3) Social media behaviour – You cover this in a few questions in the last two questionnaires but I would expand to include things such as Did you friend a complete stranger on Facebook because you saw that they had breast cancer (in profile description or perhaps in a post)? Did you ask one of your friends on Facebook to connect you with one of their friends because you knew they had breast cancer? Of course, you can replace Facebook with any social media tool (I.e. Twitter, Pinterest, etc.). What we are trying to ascertain here is if they moved from passive searching or passive review of material online (whether on a website or in a user group, etc.) to actively searching out people with like/similar conditions. Could also be sites like PatientsLikeMe, etc. Many of the ladies would never have made those connections with me at all (even by email or phone) if the contact did not come *friend pre-approved* (or least have the appearance of that).
Lastly, it is simply updating the tools and apps identified in your questionnaire to circa 2012. You could add browsers such as Firefox, Safari, Mozilla, Opera, etc. Maybe add 3G, 4G options for networks (we all know how quickly we get frustrated with search when the network sucks). Mobiles devices such as BB, iPad, iPhone, Playbook, etc. and OS’s such as iOS, Android, Blackberry OS. This last point could be overkill but it would certainly show the healthcare industry where the consumer is going and perhaps even why (I.e.

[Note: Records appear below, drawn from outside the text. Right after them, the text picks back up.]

(* Let $T$ be a complete theory. If $\langle\varphi(x,y),\langle a_\eta\rangle_{\eta\in{}^{\omega>}2}\rangle$ is an antichain tree, then $\varphi(x,y)$ has TP$_2$.
   Context: Work in a monster model of $T$; ${}^{\omega>}2$ is the binary tree with initial-segment order $\trianglelefteq$. A subset $X\subseteq{}^{\omega>}2$ is an antichain if its elements are pairwise $\trianglelefteq$-incomparable. $\langle\varphi(x,y),\langle a_\eta\rangle\rangle$ is an antichain tree if for every $X\subseteq{}^{\omega>}2$, $\{\varphi(x,a_\eta):\eta\in X\}$ is consistent iff $X$ is an antichain. $\varphi(x,y)$ has TP$_2$ if there is an array $\langle b_{i,j}\rangle_{i,j<\omega}$ such that $\{\varphi(x,b_{i,j}):j<\omega\}$ is 2-inconsistent for each $i<\omega$ and $\{\varphi(x,b_{i,f(i)}):i<\omega\}$ is consistent for every $f:\omega\to\omega$. *)

From Stdlib Require List.
From mathcomp Require Import all_boot.
Set Implicit Arguments. Unset Strict Implicit. Unset Printing Implicit Defensive.

Record signature := Signature {
  fsym : Type; farity : fsym -> nat;
  rsym : Type; rarity : rsym -> nat }.

Inductive term (L : signature) : Type :=
| tvar : nat -> term L
| tapp : forall f : fsym L, ('I_(farity f) -> term L) -> term L.

(* de Bruijn formulas: [fex p] binds variable 0 in [p]. *)
Inductive formula (L : signature) : Type :=
| feq : term L -> term L -> formula L
| frel : forall r : rsym L, ('I_(rarity r) -> term L) -> formula L
| fneg : formula L -> formula L
| fand : formula L -> formula L -> formula L
| fex : formula L -> formula L.

Record structure (L : signature) := Structure {
  carrier :> Type;
  an_element : carrier;
  fun_interp : forall f : fsym L, ('I_(farity f) -> carrier) -> carrier;
  rel_interp : forall r : rsym L, ('I_(rarity r) -> carrier) -> Prop }.

Section Semantics.
Variables (L : signature) (M : structure L).

Fixpoint teval (e : nat -> M) (t : term L) : M :=
  match t with
  | tvar i => e i
  | tapp f ts => @fun_interp L M f (fun k => teval e (ts k))
  end.

Definition scons (d : M) (e : nat -> M) : nat -> M :=
  fun i => if i is j.+1 then e j else d.

Fixpoint holds (e : nat -> M) (p : formula L) : Prop :=
  match p with
  | feq t u => teval e t = teval e u
  | frel r ts => @rel_interp L M r (fun k => teval e (ts k))
  | fneg q => ~ holds e q
  | fand q r => holds e q /\ holds e r
  | fex q => exists d : M, holds (scons d e) q
  end.
End Semantics.

Fixpoint term_vars_below (L : signature) (k : nat) (t : term L) : Prop :=
  match t with
  | tvar i => i < k
  | tapp f ts => forall j, term_vars_below k (ts j)
  end.

Fixpoint formula_vars_below (L : signature) (k : nat) (p : formula L) : Prop :=
  match p with
  | feq t u => term_vars_below k t /\ term_vars_below k u
  | frel r ts => forall j, term_vars_below k (ts j)
  | fneg q => formula_vars_below k q
  | fand q r => formula_vars_below k q /\ formula_vars_below k r
  | fex q => formula_vars_below k.+1 q
  end.

(* A formula phi(x,y) with |x| = n, |y| = m: free variables among 0..n+m-1,
   variables 0..n-1 are x and n..n+m-1 are y. *)
Definition pair_env (L : signature) (M : structure L) (n m : nat)
  (a : 'I_n -> M) (b : 'I_m -> M) : nat -> M :=
  fun i => if @insub _ (fun i => i < n) 'I_n i is Some k then a k
           else if @insub _ (fun i => i < m) 'I_m (i - n) is Some k then b k
           else an_element M.

Definition sat (L : signature) (M : structure L) (n m : nat) (phi : formula L)
  (a : 'I_n -> M) (b : 'I_m -> M) : Prop :=
  holds (pair_env a b) phi.

(* The partial type { phi(x, b) : b in S } (parameters from M) is consistent,
   i.e. consistent with the elementary diagram of M, i.e. finitely satisfiable in M. *)
Definition consistent (L : signature) (M : structure L) (n m : nat)
  (phi : formula L) (S : ('I_m -> M) -> Prop) : Prop :=
  forall s : list ('I_m -> M), (forall b, Stdlib.Lists.List.In b s -> S b) ->
    exists a : 'I_n -> M, forall b, Stdlib.Lists.List.In b s -> sat phi a b.

(* The binary tree ^{omega>}2 = seq bool, with the initial-segment order. *)
Definition tree_le (eta nu : seq bool) : Prop := prefix eta nu.

Definition antichain (X : seq bool -> Prop) : Prop :=
  forall eta nu, X eta -> X nu -> eta <> nu ->
    ~ tree_le eta nu /\ ~ tree_le nu eta.

Definition antichain_tree (L : signature) (M : structure L) (n m : nat)
  (phi : formula L) (a : seq bool -> 'I_m -> M) : Prop :=
  forall X : seq bool -> Prop,
    consistent n phi (fun b => exists2 eta, X eta & b = a eta) <-> antichain X.

Definition has_TP2 (L : signature) (M : structure L) (n m : nat)
  (phi : formula L) : Prop :=
  exists b : nat -> nat -> 'I_m -> M,
    (forall i j j', j <> j' ->
       ~ consistent n phi (fun c => c = b i j \/ c = b i j')) /\
    (forall f : nat -> nat,
       consistent n phi (fun c => exists i, c = b i (f i))).

From mathcomp Require Import all_boot.

(* Index the TP2 array by the comb eta_{i,j} = 1^i 0^(j+1): nodes in the same
   row i form a chain, while nodes of different rows split at the shorter run
   of 1s, so a choice of one node per row is an antichain.  Hence in the
   antichain tree each row of parameters is 2-inconsistent and every path is
   consistent. *)

Definition comb_node (i j : nat) : seq bool := nseq i true ++ nseq j.+1 false.

Lemma size_comb_node i j : size (comb_node i j) = i + j.+1.
Proof. by rewrite size_cat !size_nseq. Qed.

Lemma prefix_comb_node i j l : j <= l -> prefix (comb_node i j) (comb_node i l).
Proof.
move=> le_jl; rewrite prefix_catr // -(subnKC (le_jl : j.+1 <= l.+1)).
by rewrite nseqD eqxx prefix_prefix.
Qed.

Lemma prefix_comb_node_row i j k l :
  prefix (comb_node i j) (comb_node k l) -> i = k.
Proof.
rewrite /comb_node; elim: i k => [|i IHi] [|k] //=.
by move/IHi ->.
Qed.

Lemma comb_row_not_antichain i j j' : j <> j' ->
  ~ antichain (fun eta => eta = comb_node i j \/ eta = comb_node i j').
Proof.
move=> neq_jj' achain.
have neq_nodes : comb_node i j <> comb_node i j'.
  by move/(congr1 size); rewrite !size_comb_node => /addnI [].
have [not_le not_ge] := achain _ _ (or_introl erefl) (or_intror erefl) neq_nodes.
have [le_jj'|/ltnW le_j'j] := leqP j j'.
- exact/not_le/prefix_comb_node.
- exact/not_ge/prefix_comb_node.
Qed.

Lemma comb_path_antichain (f : nat -> nat) :
  antichain (fun eta => exists i, eta = comb_node i (f i)).
Proof.
move=> _ _ [i ->] [k ->] neq_nodes.
have neq_ik : i <> k by move=> eq_ik; apply: neq_nodes; rewrite eq_ik.
by split=> /prefix_comb_node_row eq_row; apply: neq_ik; rewrite eq_row.
Qed.

Lemma consistent_sub (L : signature) (M : structure L) (n m : nat)
  (phi : formula L) (S1 S2 : ('I_m -> M) -> Prop) :
  (forall b, S2 b -> S1 b) -> consistent n phi S1 -> consistent n phi S2.
Proof. by move=> sub21 cons1 s s_in2; apply: cons1 => b /s_in2 /sub21. Qed.

Theorem proposition4p6 (L : signature) (M : structure L) (n m : nat)
  (phi : formula L) (Hphi : formula_vars_below (n + m) phi)
  (a : seq bool -> 'I_m -> M) :
  @antichain_tree L M n m phi a -> @has_TP2 L M n m phi.
Proof.
move=> atree; exists (fun i j => a (comb_node i j)); split.
- move=> i j j' neq_jj' cons_row; apply: (comb_row_not_antichain i j j' neq_jj').
  apply/atree; apply: consistent_sub cons_row => _ [eta [->|->] ->];
    [left | right] => //.
- move=> f; have /atree := comb_path_antichain f.
  by apply: consistent_sub => _ [i ->]; exists (comb_node i (f i)) => //; exists i.
Qed.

Usability, network performance, device performance, etc. ). Many of the ladies I work with each have differing tools and like different browsers etc. This has a huge impact on not only what they find online but how they find it.
I hope this all makes sense Susannah!
If a t-con makes more sense, I would be more than happy to chat.
Keep me posted on when the new questionnaire goes out – I would love to see how it goes!
This is just one example of many acts of generosity I’ve experienced in being part of what I call the “health geek tribe.”
Bottom line: It’s an honor to receive this level of peer review from an expert like Carrie Handley.
For further inspiration, please see:
What I’ve Learned as an Academic Blogger, by Jason Hepler (my favorite points: Twitter and blogs are as valuable as conferences. Your digital presence generates real relationships.)
New Science Papers Prove NASA Failed Big Time In Promoting Supposedly Earth-Shaking Discovery That Wasn’t, by Matthew Herper (my summary: formal peer review failed, but community peer review didn’t)
What inspires you? What questions do you have about any of the above? And of course, what questions do you think we should include in the upcoming health survey?